Try it:
Write the listing below out again exactly, though only as far as the line with "Definition le_val := rel_val leA.", which is included.

(Input records begins)

Definition bot_fn : unit -> A := fun _ => \bot.
Definition bot_val (vb : value unit) : value A := map_val bot_fn vb.
Definition bot_elim (sb : elim unit) : elim A := map_elim bot_fn sb.
Definition bot_cont (kb : cont unit) : cont A := map_cont bot_fn kb.
Definition bot_env (rb : env unit) : env A := map_env bot_fn rb.

Definition leA (a b : A) : Prop := a <= b.
Definition le_val := rel_val leA.
Definition le_elim := rel_elim leA.
Definition le_cont := rel_cont leA.
Definition le_env := rel_env leA.
Definition le_out3 (x y : env A * cont A * A) : Prop :=
  [/\ le_env x.1.1 y.1.1, le_cont x.1.2 y.1.2 & x.2 <= y.2].
Definition le_out2 (x y : value A * elim A) : Prop :=
  le_val x.1 y.1 /\ le_elim x.2 y.2.

(* Forward match; the default branches are unreachable on selections of the
   right shape. *)
Fixpoint fwd {vb sb rb kb} (w : mderiv vb sb rb kb) (v : value A) (s : elim A)
  {struct w} : env A * cont A * A :=
  let dflt := (bot_env rb, bot_cont kb, \bot) in
  match w with
  | MVar x _ _ => match s with EVar _ k => ([:: (x, v)], k, \top) | _ => dflt end
  | MTrue _ _ => match v, s with VTrue a, EBool k _ => ([::], k, a) | _, _ => dflt end
  | MFalse _ _ => match v, s with VFalse a, EBool _ k' => ([::], k', a) | _, _ => dflt end
  | MNil _ _ => match v, s with VNil a, EList k _ => ([::], k, a) | _, _ => dflt end
  | MCons _ _ _ _ _ _ _ _ w1 w2 =>
      match v, s with
      | VCons a v1 v2, EList _ s1 =>
          let '(r1, t, b) := fwd w1 v1 s1 in
          match t with
          | CElim tau => let '(r2, k, b') := fwd w2 v2 tau in (r1 ++ r2, k, a `&` b `&` b')
          | _ => dflt
          end
      | _, _ => dflt
      end
  | MUnit _ => match v, s with VRec a _, ERec _ k => ([::], k, a) | _, _ => dflt end
  | MRec fs _ _ _ _ _ _ _ w' wk =>
      match v, s with
      | VRec a fsel, ERec _ k0 =>
          match rev fsel with
          | (_, vk) :: rinit =>
              let '(r, t, b) := fwd w' (VRec \top (rev rinit)) (ERec (map fst fs) k0) in
              match t with
              | CElim s' => let '(r', k, b') := fwd wk vk s' in (r ++ r', k, a `&` b `&` b')
              | _ => dflt
              end
          | [::] => dflt
          end
      | _, _ => dflt
      end
  end.

(* Backward match; an environment selection of rho1 . rho2 is split according
   to the length of the raw rho1. *)
Fixpoint bwd {vb sb rb kb} (w : mderiv vb sb rb kb) (r : env A) (k : cont A) (a : A)
  {struct w} : value A * elim A :=
  let dflt := (bot_val vb, bot_elim sb) in
  match w with
  | MVar x _ _ => match r with [:: (_, v)] => (v, EVar x k) | _ => dflt end
  | MTrue _ k' => (VTrue a, EBool k (bot_cont k'))
  | MFalse k0 _ => (VFalse a, EBool (bot_cont k0) k)
  | MNil _ s => (VNil a, EList k (bot_elim s))
  | MCons _ _ k0 _ r1 _ _ _ w1 w2 =>
      let '(v2, tau) := bwd w2 (drop (size r1) r) k a in
      let '(v1, s1) := bwd w1 (take (size r1) r) (CElim tau) a in
      (VCons a v1 v2, EList (bot_cont k0) s1)
  | MUnit _ => (VRec a [::], ERec [::] k)
  | MRec fs x _ _ r0 _ _ _ w' wk =>
      let '(vk, s') := bwd wk (drop (size r0) r) k a in
      match bwd w' (take (size r0) r) (CElim s') a with
      | (VRec _ fsel, ERec _ k0) =>
          (VRec a (rcons fsel (x, vk)), ERec (rcons (map fst fs) x) k0)
      | _ => dflt
      end
  end.

End Slicing.

(* The proof is by induction on w, carrying all six clauses at once (record
   [galois_match]): shape preservation, monotonicity, and the unit and counit
   inequalities.
   The cons rule and the record rule are both "sequential composition": a first
   match produces an eliminator that is handed to a second match, environments
   are concatenated and annotations are met.  This common core ([fwd_seq],
   [bwd_seq]) is proved once to inherit the six clauses from its two parts; the
   two compound rules are then thin wrappers around it. *)
From HB Require Import structures.
From mathcomp Require Import all_boot all_order ssralg ssrint.
Import Order.TTheory.
Local Open Scope order_scope.

(* [allf P fs]: every entry of the field list [fs] satisfies [P]; this is the
   shape of the induction hypothesis at record, closure and letrec nodes. *)
Fixpoint allf {T : Type} (P : T -> Prop) (fs : seq (var * T)) : Prop :=
  match fs with [::] => True | f :: fs' => P f.2 /\ allf P fs' end.

Fixpoint allf_of {T : Type} {P : T -> Prop} (h : forall e, P e)
    (fs : seq (var * T)) : allf P fs :=
  match fs return allf P fs with
  | [::] => I
  | (_, e) :: fs' => conj (h e) (allf_of h fs')
  end.

Section SyntaxInduction.
Variable B : Type.
Variables (P : term B -> Prop) (Q : elim B -> Prop) (C : cont B -> Prop).
Hypotheses
  (hVar : forall x, P (TVar x))
  (hInt : forall n a, P (TInt n a))
  (hTrue : forall a, P (TTrue a))
  (hFalse : forall a, P (TFalse a))
  (hNil : forall a, P (TNil a))
  (hCons : forall a e1 e2, P e1 -> P e2 -> P (TCons a e1 e2))
  (hRec : forall a fs, allf P fs -> P (TRec a fs))
  (hProj : forall e x, P e -> P (TProj e x))
  (hApp : forall e1 e2, P e1 -> P e2 -> P (TApp e1 e2))
  (hLam : forall s, Q s -> P (TLam s))
  (hLet : forall e s, P e -> Q s -> P (TLet e s))
  (hLetRec : forall h e, allf Q h -> P e -> P (TLetRec h e))
  (hEVar : forall x k, C k -> Q (EVar x k))
  (hEBool : forall k k', C k -> C k' -> Q (EBool k k'))
  (hERec : forall xs k, C k -> Q (ERec xs k))
  (hEList : forall k s, C k -> Q s -> Q (EList k s))
  (hCTerm : forall e, P e -> C (CTerm e))
  (hCElim : forall s, Q s -> C (CElim s)).

Fixpoint term_nested_ind (t : term B) : P t :=
  match t with
  | TVar x => hVar x
  | TInt n a => hInt n a
  | TTrue a => hTrue a
  | TFalse a => hFalse a
  | TNil a => hNil a
  | TCons a e1 e2 => hCons a e1 e2 (term_nested_ind e1) (term_nested_ind e2)
  | TRec a fs => hRec a fs (allf_of term_nested_ind fs)
  | TProj e x => hProj e x (term_nested_ind e)
  | TApp e1 e2 => hApp e1 e2 (term_nested_ind e1) (term_nested_ind e2)
  | TLam s => hLam s (elim_nested_ind s)
  | TLet e s => hLet e s (term_nested_ind e) (elim_nested_ind s)
  | TLetRec h e => hLetRec h e (allf_of elim_nested_ind h) (term_nested_ind e)
  end
with elim_nested_ind (s : elim B) : Q s :=
  match s with
  | EVar x k => hEVar x k (cont_nested_ind k)
  | EBool k k' => hEBool k k' (cont_nested_ind k) (cont_nested_ind k')
  | ERec xs k => hERec xs k (cont_nested_ind k)
  | EList k s' => hEList k s' (cont_nested_ind k) (elim_nested_ind s')
  end
with cont_nested_ind (k : cont B) : C k :=
  match k with
  | CTerm e => hCTerm e (term_nested_ind e)
  | CElim s => hCElim s (elim_nested_ind s)
  end.

Lemma syntax_ind : (forall t, P t) /\ (forall s, Q s) /\ (forall k, C k).
Proof.
by split; [|split]; [exact: term_nested_ind | exact: elim_nested_ind | exact: cont_nested_ind].
Qed.
End SyntaxInduction.

(* Structural induction over values; closures only contain syntax besides
   their environment, so only the environment carries an induction hypothesis. *)
Section ValueInduction.
Variable B : Type.
Variable P : value B -> Prop.
Hypotheses
  (hTrue : forall a, P (VTrue a))
  (hFalse : forall a, P (VFalse a))
  (hInt : forall n a, P (VInt n a))
  (hNil : forall a, P (VNil a))
  (hCons : forall a v1 v2, P v1 -> P v2 -> P (VCons a v1 v2))
  (hRec : forall a fs, allf P fs -> P (VRec a fs))
  (hClos : forall r h s, allf P r -> P (VClos r h s)).

Fixpoint value_nested_ind (v : value B) : P v :=
  match v with
  | VTrue a => hTrue a
  | VFalse a => hFalse a
  | VInt n a => hInt n a
  | VNil a => hNil a
  | VCons a v1 v2 => hCons a v1 v2 (value_nested_ind v1) (value_nested_ind v2)
  | VRec a fs => hRec a fs (allf_of value_nested_ind fs)
  | VClos r h s => hClos r h s (allf_of value_nested_ind r)
  end.
End ValueInduction.

Section Fields.
Context {T U : Type}.

Lemma map_fieldsK (f : T -> U) (g : U -> T) fs :
  allf (fun e => g (f e) = e) fs -> map_fields g (map_fields f fs) = fs.
Proof. by elim: fs => [|[x e] fs IH] //= [-> /IH]; rewrite /map_fields => ->. Qed.

Context {R : T -> T -> Prop}.

Lemma rel_fields_refl fs : allf (fun e => R e e) fs -> rel_fields R fs fs.
Proof. by elim: fs => [|[x e] fs IH] //= [? /IH]. Qed.

Lemma rel_fields_trans fs1 :
  allf (fun e1 => forall e2 e3, R e1 e2 -> R e2 e3 -> R e1 e3) fs1 ->
  forall fs2 fs3, rel_fields R fs1 fs2 -> rel_fields R fs2 fs3 -> rel_fields R fs1 fs3.
Proof.
elim: fs1 => [|[x e1] fs1 IH] /=; first by move=> _ [|??] [|??].
case=> tr1 /IH {}IH [|[y e2] fs2] [|[z e3] fs3] //= [<- [R12 fs12]] [<- [R23 fs23]].
by split; [|split; [exact: tr1 R12 R23 | exact: IH fs12 fs23]].
Qed.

(Input records ends)

Response:
Definition bot_fn : unit -> A := fun _ => \bot.
Definition bot_val (vb : value unit) : value A := map_val bot_fn vb.
Definition bot_elim (sb : elim unit) : elim A := map_elim bot_fn sb.
Definition bot_cont (kb : cont unit) : cont A := map_cont bot_fn kb.
Definition bot_env (rb : env unit) : env A := map_env bot_fn rb.

Definition leA (a b : A) : Prop := a <= b.
Definition le_val := rel_val leA.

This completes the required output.